I didn't think about the filters or anything, i ended up with a couple sick fish and one died a day after. I either super stressed them in the bucket or had too many. I'm keeping an eye on the tank parameters but I think I should add some quickstart bacteria.


----------



## FatherLandDescendant

sohankpatel said:


> it is a massive pain in the @$$ to re fill that tank


One of the best investments you could ever make, hook it to the sink and fill away:hihi:

http://www.drsfostersmith.com/product/prod_display.cfm?c=3578+3728+23593&pcatid=23593&r=633


----------



## sohankpatel

Any suggestions for a pump that I can use to pump the water out of the tank, and then use it to pump that water from a trash bin back in?

Bump: Or can I just put the canister filter input in the bin, and the output in the tank?


----------



## Dropline

sohankpatel said:


> Bump: Or can I just put the canister filter input in the bin, and the output in the tank?


I REALLY like this idea, I do not see why it would not work and actually would seem better being there would be junk in the bottom of the bin from the fish waste. 

I think I am going to get a longer hose for my small canister and do this when I convert my substrate to dirt later on. 
:icon_idea Thanks for the GREAT Idea!!! :icon_idea


----------



## AndreyT

sohankpatel said:


> Bump: Or can I just put the canister filter input in the bin, and the output in the tank?
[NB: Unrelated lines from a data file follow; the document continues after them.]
(* Let $\mathcal C$ be an immersed curve and $P_1,P_2,\dots,P_N$ distinct points on $\mathcal C$ listed in order along $\mathcal C$. Assume there are positive constants $A_0$ and $R_0$ such that (a) for all $j$ with $1\le j\le N-2$, $\frac{A_0}{2}\le\mathrm{Area}(\triangle P_jP_{j+1}P_{j+2})$; (b) for each $j$ with $1\le j\le N-2$ the points $P_j,P_{j+1},P_{j+2}$ lie on a circle of radius $\ge R_0$. Then $$N<2+\frac{\mathrm{Length}(\mathcal C)}{(A_0R_0)^{1/3}}.$$ *)

From Stdlib Require Import Reals.
From Coquelicot Require Import Coquelicot.
Open Scope R_scope.

Definition immersed_curve (x y x' y' : R -> R) (a b : R) : Prop :=
  a < b /\
  forall t, a <= t <= b ->
    is_derive x t (x' t) /\ is_derive y t (y' t) /\
    continuous x' t /\ continuous y' t /\
    (x' t <> 0 \/ y' t <> 0).

Definition curve_length (x' y' : R -> R) (a b : R) : R :=
  RInt (fun t => sqrt (x' t ^ 2 + y' t ^ 2)) a b.

Definition tri_area (P Q S : R * R) : R :=
  Rabs ((fst Q - fst P) * (snd S - snd P) - (snd Q - snd P) * (fst S - fst P)) / 2.

Definition dist2 (P Q : R * R) : R :=
  sqrt ((fst P - fst Q) ^ 2 + (snd P - snd Q) ^ 2).

Definition on_circle_of_radius (P Q S : R * R) (r : R) : Prop :=
  exists c : R * R, dist2 P c = r /\ dist2 Q c = r /\ dist2 S c = r.

From Stdlib Require Import Reals Lra Lia.
From Coquelicot Require Import Coquelicot.
Open Scope R_scope.

(* For three consecutive points with sides [a = |P_j P_(j+1)|],
   [b = |P_(j+1) P_(j+2)|] and [c = |P_j P_(j+2)|], the circumradius formula
   [a b c = 4 r Area] gives [a b c >= 2 A0 R0], while [c <= a + b] and AM-GM
   give [4 a b c <= (a + b)^3]; hence [a + b >= 2 (A0 R0)^(1/3)].  Summing
   over the [N - 2] triples counts every chord of the inscribed polygon at
   most twice, and the first chord, which is positive, only once; so
   [(N - 2) (A0 R0)^(1/3)] is strictly less than the length of the polygon,
   which is at most the length of the curve. *)

Lemma norm_pair (u v : R) : norm (u, v) = sqrt (u ^ 2 + v ^ 2).
Proof. rewrite <- (pow2_abs u), <- (pow2_abs v). reflexivity. Qed.

Lemma dist2_norm_minus (P Q : R * R) : dist2 P Q = norm (minus P Q).
Proof.
  destruct P as [p1 p2], Q as [q1 q2].
  change (minus (p1, p2) (q1, q2)) with (p1 - q1, p2 - q2).
  now rewrite norm_pair.
Qed.

Lemma dist2_triangle (P Q S : R * R) : dist2 P S <= dist2 P Q + dist2 Q S.
Proof.
  rewrite !dist2_norm_minus.
  replace (minus P S) with (plus (minus P Q) (minus Q S)).
  - exact (@norm_triangle _ (prod_NormedModule R_AbsRing R_NormedModule R_NormedModule) _ _).
  - unfold minus. now rewrite <- plus_assoc, (plus_assoc (opp Q)), plus_opp_l, plus_zero_l.
Qed.

Lemma dist2_pos (P Q : R * R) : P <> Q -> 0 < dist2 P Q.
Proof.
  destruct P as [p1 p2], Q as [q1 q2]. intros HPQ.
  rewrite dist2_norm_minus. apply norm_gt_0. intros E.
  change ((p1 - q1, p2 - q2) = (0, 0)) in E. injection E as E1 E2.
  apply HPQ. f_equal; lra.
Qed.

Lemma dist2_sq (P Q : R * R) :
  dist2 P Q ^ 2 = (fst P - fst Q) ^ 2 + (snd P - snd Q) ^ 2.
Proof.
  unfold dist2. apply pow2_sqrt.
  apply Rplus_le_le_0_compat; apply pow2_ge_0.
Qed.

Lemma dist2_ge0 (P Q : R * R) : 0 <= dist2 P Q.
Proof. apply sqrt_pos. Qed.

Lemma tri_area_ge0 (P Q S : R * R) : 0 <= tri_area P Q S.
Proof. unfold tri_area, Rdiv. apply Rmult_le_pos; [apply Rabs_pos | lra]. Qed.

(* With [u = Q - P], [w = S - P] and [m = c - P], the circle conditions
   say [2 m.u = |u|^2] and [2 m.w = |w|^2]. *)
Lemma circumcircle_identity (ux uy wx wy mx my : R) :
  2 * (mx * ux + my * uy) = ux ^ 2 + uy ^ 2 ->
  2 * (mx * wx + my * wy) = wx ^ 2 + wy ^ 2 ->
  (ux ^ 2 + uy ^ 2) * ((ux - wx) ^ 2 + (uy - wy) ^ 2) * (wx ^ 2 + wy ^ 2) =
  4 * (mx ^ 2 + my ^ 2) * (ux * wy - uy * wx) ^ 2.
Proof.
  intros Hu Hw.
  (* [(m.u) w - (m.w) u] is [m] turned by a right angle and scaled by [u x w]. *)
  replace (4 * (mx ^ 2 + my ^ 2) * (ux * wy - uy * wx) ^ 2) with
    (4 * (((mx * ux + my * uy) * wx - (mx * wx + my * wy) * ux) ^ 2 +
          ((mx * ux + my * uy) * wy - (mx * wx + my * wy) * uy) ^ 2)) by ring.
  replace (mx * ux + my * uy) with ((ux ^ 2 + uy ^ 2) / 2) by lra.
  replace (mx * wx + my * wy) with ((wx ^ 2 + wy ^ 2) / 2) by lra.
  field.
Qed.

Lemma sides_prod_eq_circumradius_area (P Q S : R * R) (r : R) :
  on_circle_of_radius P Q S r ->
  dist2 P Q * dist2 Q S * dist2 P S = 4 * r * tri_area P Q S.
Proof.
  intros [c [HP [HQ HS]]].
  assert (Hr : 0 <= r) by (rewrite <- HP; apply dist2_ge0).
  apply Rsqr_inj.
  - repeat apply Rmult_le_pos; apply dist2_ge0.
  - pose proof (tri_area_ge0 P Q S). nra.
  - rewrite <- HP in HQ, HS |- *.
    apply (f_equal (fun z => z ^ 2)) in HQ, HS.
    rewrite !dist2_sq in HQ, HS. unfold Rsqr, tri_area.
    replace (4 * dist2 P c * (Rabs _ / 2) * (4 * dist2 P c * (Rabs _ / 2)))
      with (4 * dist2 P c ^ 2 *
            Rabs ((fst Q - fst P) * (snd S - snd P) - (snd Q - snd P) * (fst S - fst P)) ^ 2)
      by field.
    rewrite pow2_abs.
    replace (dist2 P Q * dist2 Q S * dist2 P S * (dist2 P Q * dist2 Q S * dist2 P S))
      with (dist2 P Q ^ 2 * dist2 Q S ^ 2 * dist2 P S ^ 2) by ring.
    rewrite !dist2_sq.
    destruct P as [px py], Q as [qx qy], S as [sx sy], c as [cx cy]; cbn [fst snd] in *.
    assert (E := circumcircle_identity (qx - px) (qy - py) (sx - px) (sy - py)
                   (cx - px) (cy - py) ltac:(lra) ltac:(lra)).
    lra.
Qed.

Lemma sides_cube_ge (a b c : R) : 0 <= a -> 0 <= b -> 0 <= c -> c <= a + b ->
  4 * (a * b * c) <= (a + b) ^ 3.
Proof.
  intros Ha Hb Hc Hab.
  assert (a * b * c <= a * b * (a + b))
    by (apply Rmult_le_compat_l; [apply Rmult_le_pos|]; lra).
  assert (0 <= (a - b) ^ 2 * (a + b)) by (apply Rmult_le_pos; [apply pow2_ge_0|lra]).
  nra.
Qed.

Lemma pow3_le_inv (u s : R) : 0 < u -> 0 <= s -> u ^ 3 <= s ^ 3 -> u <= s.
Proof.
  intros Hu Hs H. destruct (Rle_or_lt u s) as [|Hlt]; [assumption|].
  assert (0 < (u - s) * (u * u + u * s + s * s)) by (apply Rmult_lt_0_compat; nra).
  nra.
Qed.

Lemma Rpower_third_pow3 (z : R) : 0 < z -> Rpower z (1 / 3) ^ 3 = z.
Proof.
  intros Hz. rewrite <- Rpower_pow by apply exp_pos.
  rewrite Rpower_mult. replace (1 / 3 * INR 3) with 1 by (simpl; field).
  now apply Rpower_1.
Qed.

Lemma two_cube_root_le_adjacent_sides (P Q S : R * R) (A0 R0 r : R) :
  0 < A0 -> 0 < R0 -> R0 <= r -> on_circle_of_radius P Q S r ->
  A0 / 2 <= tri_area P Q S ->
  2 * Rpower (A0 * R0) (1 / 3) <= dist2 P Q + dist2 Q S.
Proof.
  intros HA0 HR0 Hr Hcirc Harea.
  assert (Hprod : 2 * (A0 * R0) <= dist2 P Q * dist2 Q S * dist2 P S).
  { rewrite (sides_prod_eq_circumradius_area P Q S r Hcirc).
    pose proof (tri_area_ge0 P Q S). nra. }
  pose proof (sides_cube_ge _ _ _ (dist2_ge0 P Q) (dist2_ge0 Q S) (dist2_ge0 P S)
                (dist2_triangle P Q S)).
  apply pow3_le_inv.
  - pose proof (exp_pos ((1 / 3) * ln (A0 * R0))). unfold Rpower. lra.
  - pose proof (dist2_ge0 P Q). pose proof (dist2_ge0 Q S). lra.
  - rewrite Rpow_mult_distr, Rpower_third_pow3 by nra. lra.
Qed.

Lemma sum_f_R0_adjacent_pairs_ge (d : nat -> R) (c : R) (n : nat) :
  (forall i, (i < n)%nat -> c <= d i + d (S i)) ->
  INR n * c <= 2 * sum_f_R0 d n - d 0%nat - d n.
Proof.
  induction n as [|n IH]; intros Hpairs.
  - simpl. lra.
  - rewrite S_INR. simpl sum_f_R0.
    pose proof (IH (fun i Hi => Hpairs i (Nat.lt_lt_succ_r _ _ Hi))).
    pose proof (Hpairs n (Nat.lt_succ_diag_r n)). lra.
Qed.

Lemma steps_le_first_last (t : nat -> R) (n : nat) :
  (forall i, (i < n)%nat -> t i <= t (S i)) -> t 0%nat <= t n.
Proof.
  induction n as [|n IH]; intros Hstep.
  - apply Rle_refl.
  - apply Rle_trans with (t n); [apply IH; intros i Hi|]; apply Hstep; lia.
Qed.

Definition speed (x' y' : R -> R) (t : R) : R := sqrt (x' t ^ 2 + y' t ^ 2).

Lemma continuous_speed (x' y' : R -> R) (t : R) :
  continuous x' t -> continuous y' t -> continuous (speed x' y') t.
Proof.
  intros Hx Hy. apply continuous_sqrt_comp.
  apply (continuous_plus (fun z => x' z ^ 2) (fun z => y' z ^ 2));
    simpl; repeat apply (@continuous_mult _ R_AbsRing); auto using continuous_const.
Qed.

Section ArcLength.

Variables (x y x' y' : R -> R) (a b : R).
Hypothesis Hderiv : forall t, a <= t <= b -> is_derive x t (x' t) /\ is_derive y t (y' t).
Hypothesis Hcont : forall t, a <= t <= b -> continuous x' t /\ continuous y' t.

Lemma ex_RInt_speed (u v : R) : a <= u <= b -> a <= v <= b -> ex_RInt (speed x' y') u v.
Proof.
  intros Hu Hv. apply (@ex_RInt_continuous R_CompleteNormedModule). intros z Hz.
  assert (Hab : a <= z <= b).
  { split; [apply Rle_trans with (Rmin u v) | apply Rle_trans with (Rmax u v)];
      try apply Hz; [apply Rmin_glb | apply Rmax_lub]; lra. }
  destruct (Hcont z Hab). now apply continuous_speed.
Qed.

Lemma RInt_speed_ge0 (u v : R) : a <= u -> u <= v -> v <= b -> 0 <= RInt (speed x' y') u v.
Proof.
  intros. apply RInt_ge_0; [lra | apply ex_RInt_speed; lra | intros; apply sqrt_pos].
Qed.

Lemma RInt_speed_le_length (u v : R) : a <= u -> u <= v -> v <= b ->
  RInt (speed x' y') u v <= RInt (speed x' y') a b.
Proof.
  intros Hau Huv Hvb.
  rewrite <- (RInt_Chasles (speed x' y') a v b), <- (RInt_Chasles (speed x' y') a u v);
    try (apply ex_RInt_speed; lra).
  pose proof (RInt_speed_ge0 a u). pose proof (RInt_speed_ge0 v b).
  unfold plus; simpl. lra.
Qed.

(* The chord is the norm of the integral of the velocity. *)
Lemma dist2_le_RInt_speed (u v : R) : a <= u -> u <= v -> v <= b ->
  dist2 (x u, y u) (x v, y v) <= RInt (speed x' y') u v.
Proof.
  intros Hau Huv Hvb.
  assert (Hin : forall z, Rmin u v <= z <= Rmax u v -> a <= z <= b).
  { rewrite Rmin_left, Rmax_right by lra. intros; lra. }
  assert (Hvel : is_RInt (fun t => (x' t, y' t)) u v (x v - x u, y v - y u)).
  { apply (is_RInt_fct_extend_pair (fun t => (x' t, y' t))).
    - apply (is_RInt_derive x x'); intros z Hz; apply Hin in Hz;
        [apply Hderiv | apply Hcont]; exact Hz.
    - apply (is_RInt_derive y y'); intros z Hz; apply Hin in Hz;
        [apply Hderiv | apply Hcont]; exact Hz. }
  replace (dist2 (x u, y u) (x v, y v)) with (norm (x v - x u, y v - y u))
    by (rewrite norm_pair; unfold dist2; simpl; f_equal; ring).
  apply (norm_RInt_le _ _ u v _ _ Huv) with (1 := fun z _ => Req_le _ _ (norm_pair _ _))
    (2 := Hvel).
  apply (@RInt_correct R_CompleteNormedModule), ex_RInt_speed; lra.
Qed.

Lemma polygon_le_RInt_speed (t : nat -> R) (n : nat) :
  (forall i, (i <= S n)%nat -> a <= t i <= b) ->
  (forall i, (i <= n)%nat -> t i <= t (S i)) ->
  sum_f_R0 (fun i => dist2 (x (t i), y (t i)) (x (t (S i)), y (t (S i)))) n
    <= RInt (speed x' y') (t 0%nat) (t (S n)).
Proof.
  induction n as [|n IH]; intros Hin Hstep; simpl sum_f_R0.
  - apply dist2_le_RInt_speed; try apply Hstep; try apply Hin; lia.
  - rewrite <- (RInt_Chasles _ (t 0%nat) (t (S n)) (t (S (S n))))
      by (apply ex_RInt_speed; apply Hin; lia).
    pose proof (IH (fun i Hi => Hin i ltac:(lia)) (fun i Hi => Hstep i ltac:(lia))).
    pose proof (dist2_le_RInt_speed (t (S n)) (t (S (S n)))
                  ltac:(apply Hin; lia) ltac:(apply Hstep; lia) ltac:(apply Hin; lia)).
    unfold plus; simpl. lra.
Qed.

Lemma polygon_le_length (t : nat -> R) (n : nat) :
  (forall i, (i <= S n)%nat -> a <= t i <= b) ->
  (forall i, (i <= n)%nat -> t i <= t (S i)) ->
  sum_f_R0 (fun i => dist2 (x (t i), y (t i)) (x (t (S i)), y (t (S i)))) n
    <= RInt (speed x' y') a b.
Proof.
  intros Hin Hstep.
  apply Rle_trans with (RInt (speed x' y') (t 0%nat) (t (S n))).
  - now apply polygon_le_RInt_speed.
  - apply RInt_speed_le_length; try (apply Hin; lia).
    apply steps_le_first_last. intros i Hi. apply Hstep. lia.
Qed.

End ArcLength.

Theorem theorem3p3
  (x y x' y' : R -> R) (a b : R)
  (HC : immersed_curve x y x' y' a b)
  (N : nat) (t : nat -> R)
  (Ht_in : forall j, (1 <= j <= N)%nat -> a <= t j <= b)
  (Ht_ord : forall j, (1 <= j < N)%nat -> t j < t (S j))
  (Hdist : forall i j, (1 <= i)%nat -> (i < j)%nat -> (j <= N)%nat ->
              (x (t i), y (t i)) <> (x (t j), y (t j)))
  (A0 R0 : R) (HA0 : 0 < A0) (HR0 : 0 < R0)
  (Harea : forall j, (1 <= j)%nat -> (j + 2 <= N)%nat ->
     A0 / 2 <= tri_area (x (t j), y (t j)) (x (t (j+1)%nat), y (t (j+1)%nat))
                        (x (t (j+2)%nat), y (t (j+2)%nat)))
  (Hcirc : forall j, (1 <= j)%nat -> (j + 2 <= N)%nat ->
     exists r, R0 <= r /\
       on_circle_of_radius (x (t j), y (t j)) (x (t (j+1)%nat), y (t (j+1)%nat))
                           (x (t (j+2)%nat), y (t (j+2)%nat)) r) :
  INR N < 2 + curve_length x' y' a b / Rpower (A0 * R0) (1/3).
Proof.
  destruct HC as [Hab Hreg].
  assert (Hderiv : forall s, a <= s <= b -> is_derive x s (x' s) /\ is_derive y s (y' s))
    by (intros s Hs; destruct (Hreg s Hs) as (? & ? & _); auto).
  assert (Hcont : forall s, a <= s <= b -> continuous x' s /\ continuous y' s)
    by (intros s Hs; destruct (Hreg s Hs) as (_ & _ & ? & ? & _); auto).
  change (curve_length x' y' a b) with (RInt (speed x' y') a b).
  set (L := RInt (speed x' y') a b). set (k := Rpower (A0 * R0) (1 / 3)).
  assert (Hk : 0 < k) by apply exp_pos.
  assert (HL : 0 <= L) by (apply (RInt_speed_ge0 x' y' a b Hcont); lra).
  assert (HLk : 0 <= L / k) by (apply Rdiv_le_0_compat; lra).
  destruct N as [| [| n]]; [simpl; lra | simpl; lra |].
  set (d := fun i => dist2 (x (t (S i)), y (t (S i))) (x (t (S (S i))), y (t (S (S i))))).
  assert (Hpairs : forall i, (i < n)%nat -> 2 * k <= d i + d (S i)).
  { intros i Hi. destruct (Hcirc (S i) ltac:(lia) ltac:(lia)) as [r [Hr Hon]].
    pose proof (Harea (S i) ltac:(lia) ltac:(lia)) as HAi.
    replace (S i + 1)%nat with (S (S i)) in Hon, HAi by lia.
    replace (S i + 2)%nat with (S (S (S i))) in Hon, HAi by lia.
    exact (two_cube_root_le_adjacent_sides _ _ _ A0 R0 r HA0 HR0 Hr Hon HAi). }
  assert (Hd0 : 0 < d 0%nat) by (apply dist2_pos, Hdist; lia).
  assert (Hdn : 0 <= d n) by apply dist2_ge0.
  assert (Hpoly : sum_f_R0 d n <= L).
  { apply (polygon_le_length x y x' y' a b Hderiv Hcont (fun i => t (S i)));
      intros i Hi; [apply Ht_in | apply Rlt_le, Ht_ord]; lia. }
  pose proof (sum_f_R0_adjacent_pairs_ge d (2 * k) n Hpairs).
  assert (HLk_k : L / k * k = L) by (field; lra).
  rewrite !S_INR. nra.
Qed.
Only of you place the tank and the bin at approximately the same horizontal level. If the bin is below the tank, then in general case this will not work. Canister filters are not designed to _lift_ water - the pump is too weak. Canister filters are designed to siphon water from some water level and reverse-siphon it to _the same_ water level.


----------



## nodim

I've swapped substrate with a running Tanganyikan tank in the past. 75 gallon tank. Basic process was to remove all rocks etc. from tank, then unplug filters and heaters. Removed about 1/2 the water, then with a plastic children's beach shovel, removed the old substrate. Once that was gone, slowly pour the new substrate into the tank. Unless you are beyond meticulous with rinsing the new substrate, the tank is going to be dirty. Just digging up the existing creates enough mess.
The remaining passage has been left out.